As an example, Professor Susan Rosser, chair of synthetic biology at the University of Edinburgh, believes it’s logical to view synthetic biology as an extension of genetic engineering technology from a regulatory perspective. “There are extremely rigid and rigorous regulations in place for genetic engineering, especially in the UK and European Union. As synthetic biology presents no more risk than standard genetic engineering technology, it makes sense to include it within the same regulations,” she says.

Presently, and as a further layer of defence, checks and balances are in place to ensure synthetic biology is used appropriately. For example, the Biotechnology and Biological Sciences Research Council requires the researchers it funds to consider the ethical and social implications of their work – and will only pay grants where any issues are resolved.

As a result of this Professor Kitney also believes the current regulatory framework is sufficient for the risks synthetic biology presents. “As the field evolves, the regulation will evolve too, but I don’t believe this is necessary at the moment.”

In addition, the synthetic biology community is also looking at ways to safeguard its future. As an example, Professor Rosser points to genetic biocontainment strategies currently being developed. “These are genetic kill switches, programmed to terminate an organism if it isn’t in a controlled environment. Organisms engineered in the labs are relatively weak and can’t really compete with natural organisms anyway, but this provides a further layer of security.”

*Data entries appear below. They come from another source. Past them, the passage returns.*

(* Let $G$ be a finite simple graph on $[d]$ and $<$ a monomial order on $R[G]$. Let $\mathcal{G}_1$ be the reduced Gröbner basis of $J_G$ with respect to $<$, and let $\mathcal{G}_2=\{x_Sx_T : S,T\in S(G),\ S\cap T\neq\emptyset\}$. Then $\mathcal{G}=(\mathcal{G}_1\setminus M_G)\cup\mathcal{G}_2$ is the reduced Gröbner basis of $K_G$ with respect to $<$.
   Context: A stable set of $G$ is a subset of $[d]$ with no edge of $G$ (including $\emptyset$ and singletons); $S(G)$ is the set of stable sets; $R[G]=\mathbb{K}[x_S : S\in S(G)]$ over a field $\mathbb{K}$, all variables of degree $1$. $J_G$ is the ideal generated by all $x_{S_1}x_{S_2}-x_{S_3}x_{S_4}$ with $S_i\in S(G)$, $S_1\cap S_2=S_3\cap S_4=\emptyset$, $S_1\cup S_2=S_3\cup S_4$ (the binomials ${\bf x}_f-{\bf x}_g$ for $2$-colorings $f,g$ of a common induced subgraph). $M_G=\langle x_Sx_T : S,T\in S(G),\ S\cap T\neq\emptyset\rangle$ and $K_G=J_G+M_G$. A Gröbner basis of $I$ w.r.t. $<$ is a finite subset of $I$ whose leading monomials generate the initial ideal ${\rm in}_<(I)$; it is reduced if all leading coefficients are $1$ and no monomial of any element lies in the ideal generated by the leading monomials of the other elements. *)

From HB Require Import structures.
From mathcomp Require Import all_boot all_order all_algebra.
From mathcomp Require Export mpoly.
Set Implicit Arguments.
Unset Strict Implicit.
Unset Printing Implicit Defensive.
Import GRing.Theory.
Local Open Scope ring_scope.
(* Let $\phi$ be a reduced Boolean formula in the variables $x_1,\dots,x_n$ defining a set $S \subseteq \{0,1\}^n$, and let $Q \subseteq [0,1]^n$ be any convex set containing $S$. If $Q$ satisfies all inequalities of notch at most $\nu$ that are valid for $S$, then $\phi(Q)$ satisfies all inequalities of notch at most $\nu+1$ that are valid for $S$. Moreover, if $Q$ is a polytope defined by an extended formulation of size $\sigma$, then $\phi(Q)$ is a polytope that can be defined by an extended formulation of size $|\phi|\sigma$.
   Context: Boolean formulas are built from input variables $x_1,\dots,x_n$ using $\wedge$, $\vee$, $\neg$, interpreted as functions $\{0,1\}^n\to\{0,1\}$; $\phi$ defines $S=\{x\in\{0,1\}^n:\phi(x)=1\}$. A formula is reduced if negations apply only to input variables. The size $|\phi|$ is the total number of occurrences of input variables. For a reduced $\phi$ and convex $Q\subseteq[0,1]^n$, $\phi(Q)$ is defined recursively: $x_i$ is replaced by $\{x \in Q : x_i = 1\}$; $\neg x_i$ by $\{x \in Q : x_i = 0\}$; a conjunction by the intersection of the corresponding sets; a disjunction by the convex hull of the union of the corresponding sets. An inequality in standard form is $\sum_{i \in I^+} c_i x_i + \sum_{i\in I^-} c_i(1-x_i) \ge \delta$ where $I^+,I^-$ partition $[n]$, $c \in \mathbb{R}^n_{\ge 0}$, $\delta\ge 0$ (every linear inequality can be written with such $I^\pm$, $c$, and the considered ones have $\delta \ge 0$). Its notch is the smallest number $\nu$ such that $\sum_{j\in J} c_j\ge\delta$ for every $J\subseteq[n]$ with $|J|\ge \nu$. An extended formulation of size $m$ of a polytope $P\subseteq\mathbb{R}^n$ is a description $P=\{x:\exists y\in\mathbb{R}^d,\ Ay\ge b,\ x=Ty+t\}$ with $A$ having $m$ rows. *)

From HB Require Import structures.
From mathcomp Require Import all_boot all_order all_algebra.
From mathcomp Require Import reals.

There’s also a sense from some of the academics that the risks are being given a touch of the Hollywood script makeover. In particular, there’s plenty of scepticism around the idea of terrorists creating a deadly virus. “It’s not very likely,” says Professor Kitney. “To produce a new organism you need to sequence the DNA and send it off to be synthesised. The companies that do this are part of a network and will screen every sequence they receive to ensure it’s not a risk. They also report into security agencies such as the FBI so it’s not really an option. In fact, the Blackett Review of the risks relating to synthetic biology concluded that the real threat of this nature came from organisms such as anthrax that already exist.”

In addition, the skills and equipment required to use synthetic biology create significant barriers to entry. Although a terrorist could potentially synthesise DNA without turning to one of these companies, the equipment is extremely expensive and the level of expertise required is also high.

Insurance role
While the experts may feel comfortable with the regulatory framework that’s currently in place, it must also be remembered that public perception can make or break a technology’s future. Ensuring the risks don’t overshadow the benefits is essential.

An exercise to gauge public opinion of synthetic biology was undertaken in 2010 by the BBSRC and the Engineering and Physical Sciences Research Council. This found that most people were supportive of it – but with conditions on how and why it is conducted. Although this feedback was used to shape its funding criteria, it underlines the importance of reassuring the public.

This is where insurance could have an important role to play, according to Sandberg. “Insurance could be a great way to rein in some of the more stupid applications for synthetic biology,” he explains. “If a project required liability insurance, some of the costs could be internalised by managing the risks. This would help ensure excessive risks aren’t taken.”

While the cost of cover might be an indication of the level of risk involved with a project, the insurance market could also help scientists to model the risk and gain further insight into the nature of their research. “Insurance is smarter than regulation,” adds Sandberg. “Regulation can be rather inflexible and slow to adapt. Insurance could really help this market develop.”